This version writes `BSTK\x00\x01\x09\x00` (0.1.9). `open` accepts any
0.1.x file (first 6 bytes `BSTK\x00\x01`) and rejects a different major or
minor as incompatible.
* **`clen`** — little-endian `u64` recording the last successfully committed
payload length. Updated on every `push` and `pop` before the durable sync.

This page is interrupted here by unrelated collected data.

(* $(\Sigma_m,\mathrm{Md})$ has the propagation property for pseudo units and the propagation property for pseudo zeros: for all $\Sigma_m$-terms $t,r$ and every $\Sigma_m$-context $C[\,]$, $\mathrm{Md}\vdash 1_t\cdot C[r]=1_t\cdot C[1_t\cdot r]$ and $\mathrm{Md}\vdash 0_t\cdot C[r]=0_t\cdot C[0_t\cdot r]$.
   Context: $\Sigma_m=(0,1,+,\cdot,-,{}^{-1})$; $\mathrm{Md}$ is the set of equations $(x+y)+z=x+(y+z)$, $x+y=y+x$, $x+0=x$, $x+(-x)=0$, $(x\cdot y)\cdot z=x\cdot(y\cdot z)$, $x\cdot y=y\cdot x$, $1\cdot x=x$, $x\cdot(y+z)=x\cdot y+x\cdot z$, $(x^{-1})^{-1}=x$, $x\cdot(x\cdot x^{-1})=x$. $1_t$ abbreviates $t\cdot t^{-1}$, $0_t$ abbreviates $1+(-1_t)$. A context $C[\,]$ is a term with one hole. *)

From Stdlib Require Import Arith.

Inductive term : Type :=
  | Var : nat -> term
  | Zero : term
  | One : term
  | Add : term -> term -> term
  | Mul : term -> term -> term
  | Opp : term -> term
  | Inv : term -> term.

Fixpoint subst (s : nat -> term) (t : term) : term :=
  match t with
  | Var n => s n
  | Zero => Zero
  | One => One
  | Add a b => Add (subst s a) (subst s b)
  | Mul a b => Mul (subst s a) (subst s b)
  | Opp a => Opp (subst s a)
  | Inv a => Inv (subst s a)
  end.

Definition vx := Var 0.
Definition vy := Var 1.
Definition vz := Var 2.

Inductive Md : term -> term -> Prop :=
  | Md_addA : Md (Add (Add vx vy) vz) (Add vx (Add vy vz))
  | Md_addC : Md (Add vx vy) (Add vy vx)
  | Md_add0 : Md (Add vx Zero) vx
  | Md_addN : Md (Add vx (Opp vx)) Zero
  | Md_mulA : Md (Mul (Mul vx vy) vz) (Mul vx (Mul vy vz))
  | Md_mulC : Md (Mul vx vy) (Mul vy vx)
  | Md_mul1 : Md (Mul One vx) vx
  | Md_mulD : Md (Mul vx (Add vy vz)) (Add (Mul vx vy) (Mul vx vz))
  | Md_invK : Md (Inv (Inv vx)) vx
  | Md_pinv : Md (Mul vx (Mul vx (Inv vx))) vx.

Inductive derives (E : term -> term -> Prop) : term -> term -> Prop :=
  | d_ax : forall l r (s : nat -> term), E l r -> derives E (subst s l) (subst s r)
  | d_refl : forall t, derives E t t
  | d_sym : forall t u, derives E t u -> derives E u t
  | d_trans : forall t u v, derives E t u -> derives E u v -> derives E t v
  | d_add : forall a a' b b', derives E a a' -> derives E b b' ->
      derives E (Add a b) (Add a' b')
  | d_mul : forall a a' b b', derives E a a' -> derives E b b' ->
      derives E (Mul a b) (Mul a' b')
  | d_opp : forall a a', derives E a a' -> derives E (Opp a) (Opp a')
  | d_inv : forall a a', derives E a a' -> derives E (Inv a) (Inv a').

Inductive context : Type :=
  | Hole : context
  | CAddL : context -> term -> context
  | CAddR : term -> context -> context
  | CMulL : context -> term -> context
  | CMulR : term -> context -> context
  | COpp : context -> context
  | CInv : context -> context.

Fixpoint plug (C : context) (r : term) : term :=
  match C with
  | Hole => r
  | CAddL c u => Add (plug c r) u
  | CAddR u c => Add u (plug c r)
  | CMulL c u => Mul (plug c r) u
  | CMulR u c => Mul u (plug c r)
  | COpp c => Opp (plug c r)
  | CInv c => Inv (plug c r)
  end.

Definition one_t (t : term) : term := Mul t (Inv t).
Definition zero_t (t : term) : term := Add One (Opp (one_t t)).

(* Derivability from Md is a congruence, and the first eight equations of Md
   are exactly the axioms of a commutative ring, so derivability can be
   handed to the [ring] tactic as a setoid ring.  The whole argument then
   concerns idempotents e (e.e = e):
   - in the multiplicative monoid a pseudo inverse is unique: if
     x^2 y = x, y^2 x = y and x^2 z = x, z^2 x = z then y = z;
   - hence for an idempotent e the pseudo inverse of e.x is e.x^-1, i.e.
     (e.x)^-1 = e.x^-1, because e.x^-1 visibly is a pseudo inverse of e.x;
   - so multiplication by an idempotent commutes with every operation of
     Sigma_m, and by induction on the context e.C[r] = e.C[e.r].
   Finally 1_t = t.t^-1 is idempotent by the pseudo-inverse axiom, and
   0_t = 1 - 1_t is idempotent as the complement of an idempotent. *)

From Stdlib Require Import Setoid Morphisms Ring Ring_theory.

Infix "=~" := (derives Md) (at level 70).

Definition subst3 (a b c : term) : nat -> term :=
  fun n => match n with 0 => a | 1 => b | _ => c end.

Ltac md_instance H a b c := exact (d_ax Md _ _ (subst3 a b c) H).

Lemma addA a b c : Add (Add a b) c =~ Add a (Add b c).
Proof. md_instance Md_addA a b c. Qed.
Lemma addC a b : Add a b =~ Add b a.
Proof. md_instance Md_addC a b Zero. Qed.
Lemma add0 a : Add a Zero =~ a.
Proof. md_instance Md_add0 a Zero Zero. Qed.
Lemma addN a : Add a (Opp a) =~ Zero.
Proof. md_instance Md_addN a Zero Zero. Qed.
Lemma mulA a b c : Mul (Mul a b) c =~ Mul a (Mul b c).
Proof. md_instance Md_mulA a b c. Qed.
Lemma mulC a b : Mul a b =~ Mul b a.
Proof. md_instance Md_mulC a b Zero. Qed.
Lemma mul1 a : Mul One a =~ a.
Proof. md_instance Md_mul1 a Zero Zero. Qed.
Lemma mulD a b c : Mul a (Add b c) =~ Add (Mul a b) (Mul a c).
Proof. md_instance Md_mulD a b c. Qed.
Lemma invK a : Inv (Inv a) =~ a.
Proof. md_instance Md_invK a Zero Zero. Qed.
Lemma pinv a : Mul a (Mul a (Inv a)) =~ a.
Proof. md_instance Md_pinv a Zero Zero. Qed.

Add Parametric Relation : term (derives Md)
  reflexivity proved by (d_refl Md)
  symmetry proved by (d_sym Md)
  transitivity proved by (d_trans Md) as derives_Md_rel.

Add Parametric Morphism : Add
  with signature derives Md ==> derives Md ==> derives Md as Add_mor.
Proof. intros; apply d_add; assumption. Qed.
Add Parametric Morphism : Mul
  with signature derives Md ==> derives Md ==> derives Md as Mul_mor.
Proof. intros; apply d_mul; assumption. Qed.
Add Parametric Morphism : Opp
  with signature derives Md ==> derives Md as Opp_mor.
Proof. intros; apply d_opp; assumption. Qed.
Add Parametric Morphism : Inv
  with signature derives Md ==> derives Md as Inv_mor.
Proof. intros; apply d_inv; assumption. Qed.

Definition tsub (x y : term) : term := Add x (Opp y).

Lemma Md_ring_theory : ring_theory Zero One Add Mul tsub Opp (derives Md).
Proof.
  constructor.
  - intro x. rewrite addC. apply add0.
  - apply addC.
  - intros; symmetry; apply addA.
  - apply mul1.
  - apply mulC.
  - intros; symmetry; apply mulA.
  - intros x y z. rewrite mulC, mulD, (mulC z x), (mulC z y). reflexivity.
  - intros; reflexivity.
  - apply addN.
Qed.

Lemma Md_ring_ext : ring_eq_ext Add Mul Opp (derives Md).
Proof. constructor; [apply Add_mor_Proper | apply Mul_mor_Proper | apply Opp_mor_Proper]. Qed.

Add Ring Md_ring : Md_ring_theory (setoid derives_Md_rel Md_ring_ext).

Definition pseudo_inverse (x y : term) : Prop :=
  Mul (Mul x x) y =~ x /\ Mul (Mul y y) x =~ y.

(* x^-1 is a pseudo inverse of x; the second half is the pseudo-inverse
   axiom applied to x^-1, using x^-1^-1 = x. *)
Lemma inv_pseudo_inverse x : pseudo_inverse x (Inv x).
Proof.
  split.
  - transitivity (Mul x (Mul x (Inv x))); [ring | apply pinv].
  - rewrite <- (invK x) at 3.
    transitivity (Mul (Inv x) (Mul (Inv x) (Inv (Inv x)))); [ring | apply pinv].
Qed.

(* Pseudo inverses are unique: y = y.y.x = y.y.(x.x.z) = (y.y.x).x.z = y.x.z,
   and symmetrically z = z.x.y. *)
Lemma pseudo_inverse_unique x y z :
  pseudo_inverse x y -> pseudo_inverse x z -> y =~ z.
Proof.
  intros [Hxy Hyx] [Hxz Hzx].
  assert (Hy : y =~ Mul y (Mul x z)).
  { transitivity (Mul (Mul y y) (Mul (Mul x x) z)); [rewrite Hxz; symmetry; exact Hyx |].
    transitivity (Mul (Mul (Mul y y) x) (Mul x z)); [ring | rewrite Hyx; reflexivity]. }
  assert (Hz : z =~ Mul z (Mul x y)).
  { transitivity (Mul (Mul z z) (Mul (Mul x x) y)); [rewrite Hxy; symmetry; exact Hzx |].
    transitivity (Mul (Mul (Mul z z) x) (Mul x y)); [ring | rewrite Hzx; reflexivity]. }
  rewrite Hy at 1. rewrite Hz at 2. ring.
Qed.

Definition idempotent (e : term) : Prop := Mul e e =~ e.

(* For an idempotent e, inversion commutes with multiplication by e, since
   e.x^-1 is a pseudo inverse of e.x. *)
Lemma inv_idempotent_mul e x :
  idempotent e -> Inv (Mul e x) =~ Mul e (Inv x).
Proof.
  unfold idempotent. intro He. destruct (inv_pseudo_inverse x) as [Hx Hx'].
  apply (pseudo_inverse_unique (Mul e x)); [apply inv_pseudo_inverse | split].
  - transitivity (Mul (Mul e (Mul e e)) (Mul (Mul x x) (Inv x))); [ring |].
    rewrite Hx, !He. reflexivity.
  - transitivity (Mul (Mul e (Mul e e)) (Mul (Mul (Inv x) (Inv x)) x)); [ring |].
    rewrite Hx', !He. reflexivity.
Qed.

(* Each constructor of Sigma_m commutes with multiplication by e
   (ring identities for +, -, .; the previous lemma for ^-1). *)
Lemma idempotent_propagation e (C : context) (r : term) :
  idempotent e -> Mul e (plug C r) =~ Mul e (plug C (Mul e r)).
Proof.
  unfold idempotent. intro He. induction C as [|c IH u|u c IH|c IH u|u c IH|c IH|c IH]; simpl.
  - transitivity (Mul (Mul e e) r); [rewrite He; reflexivity | ring].
  - transitivity (Add (Mul e (plug c r)) (Mul e u)); [ring | rewrite IH; ring].
  - transitivity (Add (Mul e (plug c r)) (Mul e u)); [ring | rewrite IH; ring].
  - transitivity (Mul (Mul e (plug c r)) u); [ring | rewrite IH; ring].
  - transitivity (Mul (Mul e (plug c r)) u); [ring | rewrite IH; ring].
  - transitivity (Opp (Mul e (plug c r))); [ring | rewrite IH; ring].
  - rewrite <- !(inv_idempotent_mul e) by exact He. rewrite IH. reflexivity.
Qed.

(* The pseudo unit 1_t = t.t^-1 is idempotent: (t.t^-1).(t.t^-1) = (t.t.t^-1).t^-1. *)
Lemma one_t_idempotent t : idempotent (one_t t).
Proof.
  unfold idempotent, one_t.
  transitivity (Mul (Mul t (Mul t (Inv t))) (Inv t)); [ring | rewrite pinv; reflexivity].
Qed.

Lemma complement_idempotent e : idempotent e -> idempotent (Add One (Opp e)).
Proof.
  unfold idempotent. intro He.
  transitivity (Add One (Add (Opp (Add e e)) (Mul e e))); [ring | rewrite He; ring].
Qed.

Theorem mainTheorem7 :
  forall (t r : term) (C : context),
    derives Md (Mul (one_t t) (plug C r)) (Mul (one_t t) (plug C (Mul (one_t t) r))) /\
    derives Md (Mul (zero_t t) (plug C r)) (Mul (zero_t t) (plug C (Mul (zero_t t) r))).
Proof.
  intros t r C. split; apply idempotent_propagation.
  - apply one_t_idempotent.
  - apply complement_idempotent, one_t_idempotent.
Qed.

All user-visible offsets (returned by `push`, accepted by `peek`/`get`) are
**logical** — 0-based from the start of the payload region (file byte 16).
---
## Durability
| `push` | `lseek(END)` → `write(data)` → `lseek(8)` → `write(clen)` → sync |
| `extend` | `lseek(END)` → `set_len(new_end)` → `lseek(8)` → `write(clen)` → sync |
| `pop`, `pop_into` | `lseek` → `read` → `ftruncate` → `lseek(8)` → `write(clen)` → sync |
| `discard` | `ftruncate` → `lseek(8)` → `write(clen)` → sync |
| `set` *(feature)* | `lseek(offset)` → `write(data)` → sync |
| `zero` *(feature)* | `lseek(offset)` → `write(zeros)` → sync |
| `atrunc` *(atomic, net extension)* | `set_len(new_end)` → `lseek(tail)` → `write(buf)` → sync → `write(clen)` |
| `atrunc` *(atomic, net truncation)* | `lseek(tail)` → `write(buf)` → `set_len(new_end)` → sync → `write(clen)` |
| `splice`, `splice_into` *(atomic)* | `lseek(tail)` → `read(n)` → *(then as `atrunc`)* |
| `try_extend` *(atomic)* | size check → conditional `push` sequence |
| `try_discard` *(atomic)* | size check → conditional `discard` sequence |
| `swap`, `swap_into` *(set+atomic)* | `lseek(offset)` → `read` → `lseek(offset)` → `write(buf)` → sync |
| `cas` *(set+atomic)* | `lseek(offset)` → `read` → compare → conditional `write(new)` → sync |
| `process` *(set+atomic)* | `lseek(start)` → `read(end−start)` → *(callback)* → `lseek(start)` → `write(buf)` → sync |
| `replace` *(atomic)* | `lseek(tail)` → `read(n)` → *(callback)* → *(then as `atrunc`)* |
| `peek`, `peek_into`, `get`, `get_into` | `pread(2)` on Unix; `ReadFile`+`OVERLAPPED` on Windows; `lseek` → `read` elsewhere |
**`durable_sync` on macOS** issues `fcntl(F_FULLFSYNC)`. Unlike `fdatasync`,
this flushes the drive controller's write cache, providing the same "barrier
to stable media" guarantee that `fsync` gives on Linux. Falls back to
`sync_data` if the device does not support `F_FULLFSYNC`.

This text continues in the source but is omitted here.